Cartesian Product in R and Python


May 14, 2020

You’ve got a couple of groups and you want to get every possible combination of them. This is called the Cartesian Product of the groups. There are standard ways of doing this in R and Python.

Python: List Comprehensions

Concretely we’ve got (in Python notation) the vectors x = [1, 2, 3] and y = [4, 5] and we want to get all possible pairs: [(1, 4), (2, 4), (3, 4), (1, 5), (2, 5), (3, 5)]`. The “pythonic” way to do this is with a list comprehension:

[(x_, y_) for x_ in x for y_ in y]

Another possibility is to use itertools.product which is especially useful for a large number of lists.

R: Expand.grid

In R we can use expand.grid to get a data.frame of all pairs:

expand.grid(x=x, y=y)

In this expression the x and y to the left of the = sign are the names of the columns in the dataframe. I find this really useful when creating plots of functions with ggplot2 to try every possible combination of parameters. You can also do this manually using rep; for example:

data.frame(x=rep(x, length(y)), y=rep(y, each=length(x)))

Python: More Complex List Comprehensions

What if we have a slightly harder problem: there’s another vector z = [6, 7] and we want to take every aligned pair from y and z and combine it with every possible x. So the output should be [(1, 4, 6), (2, 4, 6), (3, 4, 6), (1, 5, 7), (2, 5, 7), (3, 5, 7)]. This is straightforward with list comprehensions by combining y and z with zip:

[(x_, y_, z_) for x_ in x for y_, z_ in zip(y, z)]

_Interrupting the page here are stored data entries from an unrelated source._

(* Let $\mathbf V,\mathbf W$ be nonnegative arrays with $V_{1,1}=W_1=1$, $V_{n,k}>0$ for all $1\le k\le n$ and $W_s>0$ for all $s\ge1$, such that $\mathsf{Gibbs}_{[n]}(\mathbf V,\mathbf W)$ is a probability distribution for every $n$. Fix $n$, let $\Pi_{n+1}\sim\mathsf{Gibbs}_{[n+1]}(\mathbf V,\mathbf W)$, and let $\mathbf z=(z_1,\dots,z_{n+1})$ be its cluster membership vector, clusters labelled $1,2,\dots$ in order of first appearance. Given $\mathbf z_{1:n}=(z_1,\dots,z_n)$ with $k$ clusters of sizes $n_1,\dots,n_k$, one has $$\mathbb P(z_{n+1}=j\mid \mathbf z_{1:n})\propto\begin{cases} f(n_j), & j=1,\dots,k,\\ g(n,k), & j=k+1,\end{cases}$$ where $f(m)=W_{m+1}/W_m$ and $g(n,k)=V_{n+1,k+1}/V_{n+1,k}$. Moreover, $f$ is nondecreasing on $\mathbb N$ if and only if $\mathsf{Gibbs}_{[n]}(\mathbf V,\mathbf W)$ is balance-averse for every $n\ge1$, and $f$ is nonincreasing on $\mathbb N$ if and only if $\mathsf{Gibbs}_{[n]}(\mathbf V,\mathbf W)$ is balance-seeking for every $n\ge1$.
   Context: For positive integers $k\le n$, $\mathcal I_n^k$ denotes the set of integer partitions of $n$ into $k$ parts, i.e. nonincreasing $k$-tuples $\mathbf n=(n_1,\dots,n_k)$ of positive integers with $\sum_j n_j=n$. For $\mathbf n,\mathbf n'\in\mathcal I_n^k$ write $\mathbf n\prec\mathbf n'$ if $\mathbf n\neq\mathbf n'$ and $\sum_{j=1}^J n_j\ge\sum_{j=1}^J n'_j$ for all $J=1,\dots,k$. A random partition $\Pi_n$ of $[n]$ is finitely exchangeable if its law is invariant under permutations of $[n]$; its EPPF is the symmetric function $p^{(n)}$ with $\mathbb P(\Pi_n=\{S_1,\dots,S_k\})=p^{(n)}(|S_1|,\dots,|S_k|)$. An EPPF is balance-averse if for all $k\le n$ and $\mathbf n,\mathbf n'\in\mathcal I_n^k$, $\mathbf n\prec\mathbf n'$ implies $p^{(n)}(\mathbf n)\ge p^{(n)}(\mathbf n')$; balance-seeking if it implies $p^{(n)}(\mathbf n)\le p^{(n)}(\mathbf n')$. $\Pi_n\sim\mathsf{Gibbs}_{[n]}(\mathbf V,\mathbf W)$ means $\Pi_n$ has EPPF $p^{(n)}(n_1,\dots,n_k)=V_{n,k}\prod_{j=1}^kW_{n_j}$. *)

From HB Require Import structures.
From mathcomp Require Import all_boot all_order all_algebra.
Set Implicit Arguments. Unset Strict Implicit. Unset Printing Implicit Defensive.
Import Order.TTheory GRing.Theory Num.Theory.
Local Open Scope ring_scope.

Definition setpart (m : nat) (P : {set {set 'I_m}}) : bool :=
  partition P [set: 'I_m].

Definition gibbs_prob (R : nzRingType) (V : nat -> nat -> R) (W : nat -> R)
  (m : nat) (P : {set {set 'I_m}}) : R :=
  V m #|P| * \prod_(B in P) W #|B|.

Definition gibbs_is_prob (R : nzRingType) (V : nat -> nat -> R) (W : nat -> R)
  (m : nat) : Prop :=
  \sum_(P : {set {set 'I_m}} | setpart P) gibbs_prob V W P = 1.

Definition gibbs_Pr (R : nzRingType) (V : nat -> nat -> R) (W : nat -> R)
  (m : nat) (E : pred {set {set 'I_m}}) : R :=
  \sum_(P : {set {set 'I_m}} | setpart P && E P) gibbs_prob V W P.

(* Cluster membership: the label (1,2,...) of the block containing i, blocks
   being labelled in order of first appearance, i.e. by the rank of their
   minimal element among the block minima. *)
Definition cluster_label (m : nat) (P : {set {set 'I_m}}) (i : 'I_m) : nat :=
  #|[set B in P | [exists x in B, [forall y in pblock P i, (x <= y)%N]]]|.

(* Event  z_{1:n} = w  for a partition of [n+1] (indices 0..n-1 are 1..n). *)
Definition prefix_event (n : nat) (w : seq nat) (P : {set {set 'I_n.+1}}) : bool :=
  [forall i : 'I_n.+1, (i < n)%N ==> (cluster_label P i == nth 0%N w i)].
Arguments prefix_event : clear implicits.

Definition cond_prob (R : fieldType) (V : nat -> nat -> R) (W : nat -> R)
  (n : nat) (w : seq nat) (j : nat) : R :=
  gibbs_Pr V W (fun P : {set {set 'I_n.+1}} =>
                  prefix_event n w P && (cluster_label P ord_max == j))
  / gibbs_Pr V W (prefix_event n w).

Definition f_ratio (R : fieldType) (W : nat -> R) (m : nat) : R := W m.+1 / W m.
Definition g_ratio (R : fieldType) (V : nat -> nat -> R) (n k : nat) : R :=
  V n.+1 k.+1 / V n.+1 k.

Definition int_part (n k : nat) (s : seq nat) : bool :=
  [&& size s == k, all (fun x => 0 < x)%N s, sorted geq s & sumn s == n].

Definition prec_part (s s' : seq nat) : bool :=
  (s != s') &&
  all (fun J => sumn (take J s') <= sumn (take J s))%N (iota 1 (size s)).

Definition gibbs_eppf (R : nzRingType) (V : nat -> nat -> R) (W : nat -> R)
  (n : nat) (s : seq nat) : R :=
  V n (size s) * \prod_(x <- s) W x.

Definition balance_averse (R : realDomainType) (p : seq nat -> R) (n : nat) : Prop :=
  forall (k : nat) (s s' : seq nat), int_part n k s -> int_part n k s' ->
    prec_part s s' -> p s' <= p s.

Definition balance_seeking (R : realDomainType) (p : seq nat -> R) (n : nat) : Prop :=
  forall (k : nat) (s s' : seq nat), int_part n k s -> int_part n k s' ->
    prec_part s s' -> p s <= p s'.

From HB Require Import structures.
From mathcomp Require Import all_boot all_order all_algebra.
From mathcomp Require Import ring zify.
Import Order.TTheory GRing.Theory Num.Theory.

(* Given z_{1:n} = w with k clusters, the event z_{n+1} = j is empty unless
   1 <= j <= k+1, and then it is a single partition of [n+1]: the one whose
   first-appearance labelling is w followed by j.  Its Gibbs weight is
   V_{n+1,k} prod_l W_{n_l} times W_{n_j+1}/W_{n_j} or V_{n+1,k+1}/V_{n+1,k},
   which is the predictive rule.
   Telescoping W_x = prod_{1 <= t < x} f(t) gives
   prod_j W_{n_j} = prod_t f(t)^#{j | n_j > t}.  If n \prec n',
   the tails sum_j (n_j - T)^+ of n dominate those of n', and summation by
   parts turns a nondecreasing f into p(n) >= p(n'); balance-seeking is
   balance-aversion for 1/W.  Conversely (m+2, m) \prec (m+1, m+1) compares
   W_{m+2} W_m with W_{m+1}^2, that is f(m+1) with f(m). *)

Set Implicit Arguments. Unset Strict Implicit. Unset Printing Implicit Defensive.

Definition starts_before m (B C : {set 'I_m}) : bool :=
  [exists x in B, [forall y in C, (x <= y)%N]].

Lemma starts_beforeP m (B C : {set 'I_m}) :
  reflect (exists2 b, b \in B & forall y, y \in C -> (b <= y)%N)
          (starts_before B C).
Proof.
apply: (iffP existsP) => [[b /andP[Bb /forallP leC]]|[b Bb leC]].
  by exists b => // y Cy; move: (leC y); rewrite Cy.
by exists b; rewrite Bb; apply/forallP => y; apply/implyP => /leC.
Qed.

Lemma starts_before_trans m (A B C : {set 'I_m}) :
  starts_before A B -> starts_before B C -> starts_before A C.
Proof.
move=> /starts_beforeP[a Aa leB] /starts_beforeP[b Bb leC].
by apply/starts_beforeP; exists a => // z /leC; apply/leq_trans/leB.
Qed.

Definition first_appearance_labelling m (z : 'I_m -> nat) : Prop :=
  [/\ forall x, (0 < z x)%N,
      forall x l, (0 < l <= z x)%N -> exists x', z x' = l &
      forall x y, (z x < z y)%N ->
        exists2 x', z x' = z x & forall y', z y' = z y -> (x' <= y')%N].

This is one of the strengths of Python list comprehensions, it’s easy to extend with different variables and with functions acting on those variables.

R: tidyr expand

I don’t know how to do this harder task in R with expand.grid, and so I would have to fallback to the long way with rep. This would be

data.frame(x=rep(x, length(y)), y=rep(y, each=length(x)), z=rep(z, each=length(x)))

This gets quite tedious to write!

However there are neat ways to do this with the tidyr package, and in particular with the expand function. You can solve it like this:

expand(data.frame(y=y, z=z), x, nesting(y, z)

This gets all combinations of x, y, and z, providing that the pairs y and z are in the data.frame from the first argument.

Note that expand is not referentially transparent, and the variables rely on their names in the data frame (as is typical of tidyverse functions). For example expand(data.frame(y=z, z=y), x, nesting(y, z) will reverse the order of the last two columns.